# Router Jig for diy



## John C (Sep 24, 2004)

Years ago when I was still in high school I had gotten a router crafter from Sears. I was wondering if there was still some type of similar jig that could be used with my router; or if there was some plans for building a carrier for a router over a lathe not only to cut slots but also to do some of the spiral cuts etc.
Thanks,
John C


----------



## karateed (Feb 7, 2006)

Hi John,

A number of us have bought the router crafter over ebay. There are also other makes and models of these types of jigs available.

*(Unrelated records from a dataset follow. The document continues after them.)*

(* Let $Q$ be a set and let $\{*_\alpha\}_{\alpha\in\Lambda}$ be a family of quandle operations on $Q$ that are pairwise distributive with respect to each other, i.e. $(a*_\alpha b)*_\beta c=(a*_\beta c)*_\alpha(b*_\beta c)$ for all $\alpha,\beta\in\Lambda$ and $a,b,c\in Q$. Let $F$ be the free group on the symbols $*_\alpha$, and for $w\in F$ let $\star_w$ be the operation defined by $a\star_w b=(\cdots((a\,s_1\,b)\,s_2\,b)\cdots)\,s_k\,b$ for $w=s_1\cdots s_k$ (the letter $*_\alpha^{-1}$ acting as the right inverse operation of $*_\alpha$). Then the group $Q_F=\{(Q,\star_w)\mid w\in F\}$, with quandle multiplication $(Q,\star_w)(Q,\star_v)=(Q,\star_{wv})$, is commutative; that is, $\star_{wv}=\star_{vw}$ for all $w,v\in F$.
   Context: A quandle operation on $Q$ is a binary operation $*$ with $x*x=x$, unique right division, and $(x*y)*z=(x*z)*(y*z)$. The right inverse $\bar*$ of $*$ is defined by $a=c*b\iff c=a\,\bar*\,b$. Quandle multiplication of two structures on the same set: $(Q,\circ)(Q,* )=(Q,\circ* )$ with $a\,(\circ* )\,b=(a\circ b)*b$; the unit of $Q_F$ is the trivial quandle ($a\star b=a$) and the inverse of $(Q,\star_w)$ is $(Q,\star_{w^{-1}})$. *)

From Stdlib Require Import List ClassicalEpsilon.

Definition is_quandle {Q : Type} (op : Q -> Q -> Q) : Prop :=
  (forall x, op x x = x) /\
  (forall a b, exists! c, op c b = a) /\
  (forall x y z, op (op x y) z = op (op x z) (op y z)).

Definition rdiv {Q : Type} (op : Q -> Q -> Q) (a b : Q) : Q :=
  epsilon (inhabits a) (fun c => op c b = a).

(* Letters of the free group on the symbols *_alpha: (alpha, true) is *_alpha,
   (alpha, false) is *_alpha^{-1}, acting as the right inverse of *_alpha. *)
Definition letter_op {Q L : Type} (ops : L -> Q -> Q -> Q) (s : L * bool)
  : Q -> Q -> Q :=
  if snd s then ops (fst s) else rdiv (ops (fst s)).

Definition star_word {Q L : Type} (ops : L -> Q -> Q -> Q) (w : list (L * bool))
  (a b : Q) : Q :=
  fold_left (fun x s => letter_op ops s x b) w a.

(* Fix the right operand b.  Distributivity together with idempotency b *_beta b = b
   makes the right translations x |-> x *_alpha b pairwise commute; they are bijections,
   so their inverses x |-> x bar*_alpha b commute with them and with each other.  Now
   x |-> a star_w b is the composite of the translations spelled by w, and a composite
   of pairwise commuting maps does not depend on the order of its factors. *)

From Stdlib Require Import List Permutation ClassicalEpsilon FunctionalExtensionality.

Lemma fold_left_Permutation {A X : Type} (g : A -> X -> X) :
  (forall s t x, g s (g t x) = g t (g s x)) ->
  forall w v, Permutation w v ->
  forall x, fold_left (fun y s => g s y) w x = fold_left (fun y s => g s y) v x.
Proof.
  intros g_comm w v Hwv.
  induction Hwv as [| s w v _ IH | s t w | u w v _ IHuw _ IHwv]; intro x; simpl.
  - reflexivity.
  - apply IH.
  - now rewrite g_comm.
  - now rewrite IHuw, IHwv.
Qed.

Lemma commute_inverse {X : Type} (f g g' : X -> X) :
  (forall x, g' (g x) = x) -> (forall x, g (g' x) = x) ->
  (forall x, f (g x) = g (f x)) ->
  forall x, f (g' x) = g' (f x).
Proof.
  intros gK g'K fg x.
  rewrite <- (gK (f (g' x))), <- fg, g'K.
  reflexivity.
Qed.

Section RightDivision.

Variables (Q : Type) (op : Q -> Q -> Q).
Hypothesis op_div_unique : forall a b, exists! c, op c b = a.

Lemma op_rdivK a b : op (rdiv op a b) b = a.
Proof.
  destruct (op_div_unique a b) as [c [Hc _]].
  exact (epsilon_spec (inhabits a) (fun c => op c b = a) (ex_intro _ c Hc)).
Qed.

Lemma rdiv_opK c b : rdiv op (op c b) b = c.
Proof.
  destruct (op_div_unique (op c b) b) as [c0 [_ Huniq]].
  transitivity c0.
  - symmetry; apply Huniq, op_rdivK.
  - apply Huniq; reflexivity.
Qed.

End RightDivision.

Lemma right_translations_commute {Q : Type} (op1 op2 : Q -> Q -> Q) :
  (forall x, op2 x x = x) ->
  (forall a b c, op2 (op1 a b) c = op1 (op2 a c) (op2 b c)) ->
  forall b x, op2 (op1 x b) b = op1 (op2 x b) b.
Proof.
  intros op2_idem op2_dist b x.
  now rewrite op2_dist, op2_idem.
Qed.

Section DistributiveFamily.

Variables (Q L : Type) (ops : L -> Q -> Q -> Q).
Hypothesis ops_quandle : forall alpha, is_quandle (ops alpha).
Hypothesis ops_dist : forall alpha beta (a b c : Q),
  ops beta (ops alpha a b) c = ops alpha (ops beta a c) (ops beta b c).

Let ops_div_unique alpha : forall a b, exists! c, ops alpha c b = a :=
  proj1 (proj2 (ops_quandle alpha)).

Let ops_commute alpha beta b x :
  ops beta (ops alpha x b) b = ops alpha (ops beta x b) b.
Proof.
  apply right_translations_commute; [apply ops_quandle | apply ops_dist].
Qed.

Let ops_rdiv_commute alpha beta b x :
  ops beta (rdiv (ops alpha) x b) b = rdiv (ops alpha) (ops beta x b) b.
Proof.
  apply (commute_inverse (fun y => ops beta y b) (fun y => ops alpha y b)
                          (fun y => rdiv (ops alpha) y b)).
  - intro y; apply rdiv_opK, ops_div_unique.
  - intro y; apply op_rdivK, ops_div_unique.
  - intro y; apply ops_commute.
Qed.

Let rdiv_rdiv_commute alpha beta b x :
  rdiv (ops beta) (rdiv (ops alpha) x b) b = rdiv (ops alpha) (rdiv (ops beta) x b) b.
Proof.
  apply (commute_inverse (fun y => rdiv (ops beta) y b) (fun y => ops alpha y b)
                          (fun y => rdiv (ops alpha) y b)).
  - intro y; apply rdiv_opK, ops_div_unique.
  - intro y; apply op_rdivK, ops_div_unique.
  - intro y; symmetry; apply ops_rdiv_commute.
Qed.

Lemma letter_op_commute s t b x :
  letter_op ops s (letter_op ops t x b) b = letter_op ops t (letter_op ops s x b) b.
Proof.
  destruct s as [alpha []], t as [beta []]; unfold letter_op; simpl.
  - apply ops_commute.
  - apply ops_rdiv_commute.
  - symmetry; apply ops_rdiv_commute.
  - apply rdiv_rdiv_commute.
Qed.

End DistributiveFamily.

Theorem corollary4p15 (Q L : Type) (ops : L -> Q -> Q -> Q)
  (Hq : forall alpha, is_quandle (ops alpha))
  (Hdist : forall alpha beta (a b c : Q),
      ops beta (ops alpha a b) c = ops alpha (ops beta a c) (ops beta b c)) :
  forall w v : list (L * bool),
    star_word ops (w ++ v) = star_word ops (v ++ w).
Proof.
  intros w v.
  apply functional_extensionality; intro a.
  apply functional_extensionality; intro b.
  apply (fold_left_Permutation (fun s x => letter_op ops s x b)).
  - intros s t x; apply letter_op_commute; assumption.
  - apply Permutation_app_comm.
Qed.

I believe BJ has a type that is being made currently that can be purchased as well.

Ed......


----------



## bobj3 (Jan 17, 2006)

Hi John

Here's some links. I think I still have some PDF files how to make one for the lathe but most are just a bit lame,,  if you ask I will dig them out and post them,,,  if it's worth doing it's worth doing it right 

http://www.routerforums.com/74141-post34.html
http://www.routerforums.com/jigs-fixtures/8193-beadlock-pro-joinery.html
http://www.routerforums.com/jigs-fixtures/8193-beadlock-pro-joinery-4.html

======


John C said:


> Years ago when I was still in high school I had gotten a router crafter from Sears. I was wondering if there was still some type of similar jig that could be used with my router; or if there was some plans for building a carrier for a router over a lathe not only to cut slots but also to do some of the spiral cuts etc.
> Thanks,
> John C


----------



## GBM (Dec 18, 2007)

I went to that post Bobj3 just posted and looked at the first url referenced... The first picture of the spiral maker I pulled up slapped me in the face.... it has been a very dry year here in Central Texas... and two trees near the house just died. A Sweetgum and a Pine.... the idea of sticking a ' rough' limb or trunk into the machine and coming out with a spiral post.... amazing... 
Warm up my 036A Stihl. It is finally cool enough weather for timber cutting ! LOL


----------



## bobj3 (Jan 17, 2006)

HI GMB

It's one of the FUN tools to use in the shop I will say use DRY lumber the one you see in the snapshots was about 2 days old from a tree (ASPEN) to a lamp stand...my son took it home and did all the sanding after about 30 days, the fuzz from the turning takes a bit to dry out..

=======



GBM said:


> I went to that post Bobj3 just posted and looked at the first url referenced... The first picture of the spiral maker I pulled up slapped me in the face.... it has been a very dry year here in Central Texas... and two trees near the house just died. A Sweetgum and a Pine.... the idea of sticking a ' rough' limb or trunk into the machine and coming out with a spiral post.... amazing...
> Warm up my 036A Stihl. It is finally cool enough weather for timber cutting ! LOL


----------



## GBM (Dec 18, 2007)

LOL, Well , the tree died from dryness... I am hoping it won't require further seasoning as I have no place to do that... attacking green wood then restricting the moisture movement is about all I can hope for... I usually use mesquite heart wood which does not require any seasoning... too stubborn to warp... 
GBM


----------



## CharleyL (Feb 28, 2009)

I ran across a similar tool to the Craftsman Router Crafter that all of you might be interested in. Do a Google search for "Pioneer Router Lathe". It seems to do everything the router crafter was designed to do and is very similar in design, but available new. I can't post links yet. 

CharleyL


----------



## bobj3 (Jan 17, 2006)

HI CharleyL

It's a great tool,,if you do a search on the forum you will see one come up 
Also in my Gallery 

======




CharleyL said:


> I ran across a similar tool to the Craftsman Router Crafter that all of you might be interested in. Do a Google search for "Pioneer Router Lathe". It seems to do everything the router crafter was designed to do and is very similar in design, but available new. I can't post links yet.
> 
> CharleyL


----------



## WoodBrewer (Mar 4, 2009)

by all means if you search you can make one


----------